4. Mapping informatics

For practitioners of map building and the use of maps in the genetic dissection of complex phenotypes, the main objective of informatics must be to present a great deal of information in a simple visualizable format. Typically, there are two definable stages associated with the positional cloning of candidate genes for a trait of interest. At early stages, a framework map of some type is routinely required to navigate even closer to the variant allele or haplotype block. Once an interval is roughly defined, additional genetic mapping accelerates progress toward higher interval resolution and potential candidate gene isolation. There are now numerous algorithms and software choices for how to accomplish this phase for quantitative trait loci in experimental model organism crosses, human pedigrees or human populations (see http://linkage.rockefeller.edu/soft/list.html for examples).

Comparative genomic analysis has become particularly important and powerful in defining genes and putative regulatory elements across species.

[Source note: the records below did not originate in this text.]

(* Let $\mathbf S=\langle S,+,0,\mathscr F\rangle$ be a semilattice with operators. For $\theta\in\operatorname{Con}\mathbf S$ with $0$-class $I$, let $\eta(\theta)$ be the semilattice congruence generated by $I$ (so $x\,\eta(\theta)\,y$ iff $x+i=y+i$ for some $i\in I$) and let $\tau(\theta)$ be the relation with $x\,\tau(\theta)\,y$ iff for all $h\in\mathscr F^\dagger$, $h(x)\in I\Leftrightarrow h(y)\in I$. Then the lattice $\operatorname{Con}\mathbf S$ is partitioned into the intervals $[\eta(\theta),\tau(\theta)]$, each such interval consisting of exactly the congruences having the same $0$-class (which is an $\mathscr F$-closed ideal) as $\theta$.
   Context: A semilattice with operators is a join semilattice $(S,+)$ with least element $0$ together with a set $\mathscr F$ of unary maps preserving $+$ and $0$; congruences are equivalence relations compatible with $+$ and all $f\in\mathscr F$. $\mathscr F^\dagger$ denotes the monoid generated by $\mathscr F$ under composition, including the identity map. *)

From Stdlib Require Import Relations.
Set Implicit Arguments.
Unset Strict Implicit.

Section SWO.
Variable S : Type.
Variable add : S -> S -> S.
Variable zero : S.
Variable F : (S -> S) -> Prop.

Definition is_semilattice_with_operators : Prop :=
  (forall x y z, add x (add y z) = add (add x y) z) /\
  (forall x y, add x y = add y x) /\
  (forall x, add x x = x) /\
  (forall x, add zero x = x) /\
  (forall f, F f -> (forall x y, f (add x y) = add (f x) (f y)) /\ f zero = zero).

Definition sle (x y : S) : Prop := add x y = y.

Inductive Fdag : (S -> S) -> Prop :=
| Fdag_id : Fdag (fun x => x)
| Fdag_comp : forall f h, F f -> Fdag h -> Fdag (fun x => f (h x)).

Definition is_equivalence (r : S -> S -> Prop) : Prop :=
  (forall x, r x x) /\ (forall x y, r x y -> r y x) /\
  (forall x y z, r x y -> r y z -> r x z).

Definition is_congruence (r : S -> S -> Prop) : Prop :=
  is_equivalence r /\
  (forall x y u v, r x y -> r u v -> r (add x u) (add y v)) /\
  (forall f, F f -> forall x y, r x y -> r (f x) (f y)).

Definition rel_le (r s : S -> S -> Prop) : Prop := forall x y, r x y -> s x y.

Definition zero_class (r : S -> S -> Prop) : S -> Prop := fun x => r x zero.

Definition same_set (A B : S -> Prop) : Prop := forall x, A x <-> B x.

Definition is_ideal (I : S -> Prop) : Prop :=
  (exists x, I x) /\
  (forall x y, sle x y -> I y -> I x) /\
  (forall x y, I x -> I y -> I (add x y)).

Definition F_closed (I : S -> Prop) : Prop :=
  forall f, F f -> forall x, I x -> I (f x).

Definition eta (theta : S -> S -> Prop) : S -> S -> Prop :=
  fun x y => exists i, zero_class theta i /\ add x i = add y i.

Definition tau (theta : S -> S -> Prop) : S -> S -> Prop :=
  fun x y => forall h, Fdag h ->
    (zero_class theta (h x) <-> zero_class theta (h y)).

End SWO.

(** Both [eta theta] and [tau theta] depend on [theta] only through its
    0-class [I], which is an [F]-closed ideal.  Any
    congruence [psi] satisfies [eta psi <= psi <= tau psi]: from [x + i = y + i]
    with [i psi 0] one gets [x psi (x + i) = (y + i) psi y], and a congruence is
    preserved by every [h] in [F^dagger], so it cannot separate [h x] from the
    0-class while keeping [h y] in it.  Hence every [psi] with 0-class [I] lies
    in [[eta theta, tau theta]]; conversely [psi <= tau theta] puts the 0-class
    of [psi] inside [I] (take [h = id]), and [eta theta <= psi] gives the other
    inclusion since [x + x = 0 + x] for [x] in [I]. *)
Set Implicit Arguments.
Unset Strict Implicit.

Section SemilatticeWithOperators.
Variable S : Type.
Variable add : S -> S -> S.
Variable zero : S.
Variable F : (S -> S) -> Prop.
Hypothesis HS : is_semilattice_with_operators add zero F.

Lemma addr0 x : add x zero = x.
Proof. destruct HS as (_ & addC & _ & add0r & _). now rewrite addC. Qed.

Lemma addACA a b c d : add (add a b) (add c d) = add (add a c) (add b d).
Proof.
  destruct HS as (addA & addC & _).
  now rewrite <- !addA, (addA b c d), (addC b c), <- addA.
Qed.

Lemma Fdag_add h : Fdag F h -> forall x y, h (add x y) = add (h x) (h y).
Proof.
  destruct HS as (_ & _ & _ & _ & HF).
  induction 1 as [|f h Hf _ IH]; intros x y; [reflexivity|].
  now rewrite IH; apply (HF f Hf).
Qed.

Lemma Fdag_compr h f : Fdag F h -> F f -> Fdag F (fun x => h (f x)).
Proof.
  intros Hh Hf; induction Hh as [|g h Hg _ IH].
  - exact (Fdag_comp Hf (Fdag_id F)).
  - exact (Fdag_comp Hg IH).
Qed.

Section Congruence.
Variable r : S -> S -> Prop.
Hypothesis Hr : is_congruence add F r.

Lemma congruence_Fdag h : Fdag F h -> forall x y, r x y -> r (h x) (h y).
Proof. destruct Hr as (_ & _ & rF); induction 1; auto. Qed.

Lemma congruence_add_zero_class x s : zero_class zero r s -> r (add x s) x.
Proof.
  destruct Hr as ((rxx & _) & radd & _); intros Hs.
  pose proof (radd _ _ _ _ (rxx x) Hs) as H; rewrite addr0 in H; exact H.
Qed.

Lemma zero_class_add x y :
  zero_class zero r (add x y) <-> zero_class zero r x /\ zero_class zero r y.
Proof.
  pose proof Hr as ((_ & rsym & rtrans) & radd & _).
  destruct HS as (addA & addC & addxx & add0r & _); unfold zero_class.
  split.
  - intros Hxy; split.
    + pose proof (congruence_add_zero_class x Hxy) as Hx.
      rewrite addA, addxx in Hx; exact (rtrans _ _ _ (rsym _ _ Hx) Hxy).
    + pose proof (congruence_add_zero_class y Hxy) as Hy.
      rewrite (addC x y), addA, addxx, (addC y x) in Hy.
      exact (rtrans _ _ _ (rsym _ _ Hy) Hxy).
  - intros [Hx Hy]; rewrite <- (add0r zero); exact (radd _ _ _ _ Hx Hy).
Qed.

Lemma zero_class_ideal : is_ideal add (zero_class zero r).
Proof.
  destruct Hr as ((rxx & _) & _); split; [exists zero; apply rxx|split].
  - intros x y Hxy Hy; unfold sle in Hxy.
    rewrite <- Hxy in Hy; exact (proj1 (proj1 (zero_class_add x y) Hy)).
  - intros x y Hx Hy; exact (proj2 (zero_class_add x y) (conj Hx Hy)).
Qed.

Lemma zero_class_F_closed : F_closed F (zero_class zero r).
Proof.
  destruct Hr as (_ & _ & rF); destruct HS as (_ & _ & _ & _ & HF).
  intros f Hf x Hx; unfold zero_class in *.
  rewrite <- (proj2 (HF f Hf)); exact (rF f Hf _ _ Hx).
Qed.

Lemma eta_le : rel_le (eta add zero r) r.
Proof.
  destruct Hr as ((_ & rsym & rtrans) & _); intros x y (i & Hi & Exy).
  apply (rtrans _ (add x i)); [apply rsym; exact (congruence_add_zero_class x Hi)|].
  rewrite Exy; exact (congruence_add_zero_class y Hi).
Qed.

Lemma le_tau : rel_le r (tau zero F r).
Proof.
  pose proof Hr as ((_ & rsym & rtrans) & _); intros x y Hxy h Hh.
  pose proof (congruence_Fdag Hh Hxy) as Hhxy; unfold zero_class.
  split; intros H; [exact (rtrans _ _ _ (rsym _ _ Hhxy) H)|exact (rtrans _ _ _ Hhxy H)].
Qed.

Lemma eta_congruence : is_congruence add F (eta add zero r).
Proof.
  pose proof Hr as ((rxx & _) & _).
  destruct HS as (addA & addC & _ & _ & HF).
  split; [split; [|split]|split].
  - intros x; exists zero; split; [apply rxx|reflexivity].
  - intros x y (i & Hi & Exy); exists i; auto.
  - intros x y z (i & Hi & Exy) (j & Hj & Eyz); exists (add i j).
    split; [exact (proj2 (zero_class_add i j) (conj Hi Hj))|].
    now rewrite !addA, Exy, <- !addA, (addC i j), !addA, Eyz.
  - intros x y u v (i & Hi & Exy) (j & Hj & Euv); exists (add i j).
    split; [exact (proj2 (zero_class_add i j) (conj Hi Hj))|].
    now rewrite !(addACA _ _ i j), Exy, Euv.
  - intros f Hf x y (i & Hi & Exy); exists (f i).
    split; [exact (zero_class_F_closed Hf Hi)|].
    now rewrite <- !(proj1 (HF f Hf)), Exy.
Qed.

Lemma tau_congruence : is_congruence add F (tau zero F r).
Proof.
  split; [split; [|split]|split].
  - intros x h _; tauto.
  - intros x y Hxy h Hh; specialize (Hxy h Hh); tauto.
  - intros x y z Hxy Hyz h Hh; specialize (Hxy h Hh); specialize (Hyz h Hh); tauto.
  - intros x y u v Hxy Huv h Hh; rewrite !(Fdag_add Hh).
    pose proof (zero_class_add (h x) (h u)); pose proof (zero_class_add (h y) (h v)).
    specialize (Hxy h Hh); specialize (Huv h Hh); tauto.
  - intros f Hf x y Hxy h Hh; exact (Hxy _ (Fdag_compr Hh Hf)).
Qed.

End Congruence.

Section SameZeroClass.
Variables theta psi : S -> S -> Prop.
Hypothesis Htheta : is_congruence add F theta.
Hypothesis Hpsi : is_congruence add F psi.

Lemma zero_class_of_interval :
  rel_le (eta add zero theta) psi -> rel_le psi (tau zero F theta) ->
  same_set (zero_class zero psi) (zero_class zero theta).
Proof.
  destruct HS as (_ & _ & addxx & add0r & _); pose proof Htheta as ((thetaxx & _) & _).
  intros Heta Htau x; split; intros Hx.
  - exact (proj2 (Htau x zero Hx _ (Fdag_id F)) (thetaxx zero)).
  - apply Heta; exists x; split; [exact Hx|now rewrite addxx, add0r].
Qed.

Hypothesis Hzc : same_set (zero_class zero psi) (zero_class zero theta).

Lemma eta_le_of_zero_class : rel_le (eta add zero theta) psi.
Proof.
  intros x y (i & Hi & Exy); apply (eta_le Hpsi).
  exists i; split; [apply Hzc|]; assumption.
Qed.

Lemma le_tau_of_zero_class : rel_le psi (tau zero F theta).
Proof.
  intros x y Hxy h Hh; pose proof (le_tau Hpsi Hxy Hh).
  pose proof (Hzc (h x)); pose proof (Hzc (h y)); tauto.
Qed.

End SameZeroClass.

End SemilatticeWithOperators.

Theorem theorem5p2 (S : Type) (add : S -> S -> S) (zero : S)
  (F : (S -> S) -> Prop)
  (HS : is_semilattice_with_operators add zero F)
  (theta : S -> S -> Prop)
  (Htheta : is_congruence add F theta) :
  (is_ideal add (zero_class zero theta) /\ F_closed F (zero_class zero theta)) /\
  is_congruence add F (eta add zero theta) /\
  is_congruence add F (tau zero F theta) /\
  rel_le (eta add zero theta) theta /\ rel_le theta (tau zero F theta) /\
  (forall psi, is_congruence add F psi ->
     (same_set (zero_class zero psi) (zero_class zero theta) <->
      (rel_le (eta add zero theta) psi /\ rel_le psi (tau zero F theta)))).
Proof.
  split; [split; [exact (zero_class_ideal HS Htheta)|exact (zero_class_F_closed HS Htheta)]|].
  split; [exact (eta_congruence HS Htheta)|].
  split; [exact (tau_congruence HS Htheta)|].
  split; [exact (eta_le HS Htheta)|].
  split; [exact (le_tau zero Htheta)|].
  intros psi Hpsi; split.
  - intros Hzc; split.
    + exact (eta_le_of_zero_class HS Hpsi Hzc).
    + exact (le_tau_of_zero_class Hpsi Hzc).
  - intros [Heta Htau]; exact (zero_class_of_interval HS Htheta Heta Htau).
Qed.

There are now many such tools available for human and mouse genetics (many of which can be accessed through NCBI). One much favored entry point to these tools would be the UCSC genome browser and associated tools. However, many other software tools exist for the comparative evaluation of genetic and physical maps. For example, the package CMap (an extension of the genome model organism database (GMOD) project (http://www.gmod.org)) was originally written for map integration of various plant species, but it has pushed investigators toward common platforms, thus allowing experiments to quickly move from an in silico analysis to the bench or to the field. Likewise, the availability of FPC software has been pivotal in advancing the construction of fingerprint maps in numerous species (e.g., Soderlund et al., 1997). Improvements to FPC and additional independent mapping software have moved the physical mapping process from labor-intensive to highly automated in a short period of time (see http://www.bcgsc.ca/bioinfo/software/ for software examples). For newly sequenced genomes, we expect that software development will continue to play a pivotal role in integrating map and sequence assemblies.

5. Conclusions

It is clear that maps have played a key part in assembling the linear order of sequenced genomes. They continue to provide the framework on which the genetic dissection of complex phenotypes is based. However, just like geographic map projections of the world, they can contain distortions and ambiguities. Among these are the degree to which duplications, rearrangements, and deletions occur as common events throughout many genomes (including our own). Maps will continue to evolve and improve, in combination with overlayed information on transcription, regulation, and epigenetic levels of genomic control. It is hoped that the lessons of the past, in which even low-resolution framework maps played significant roles, will continue to be applied to future large-scale genomic DNA sequencing projects.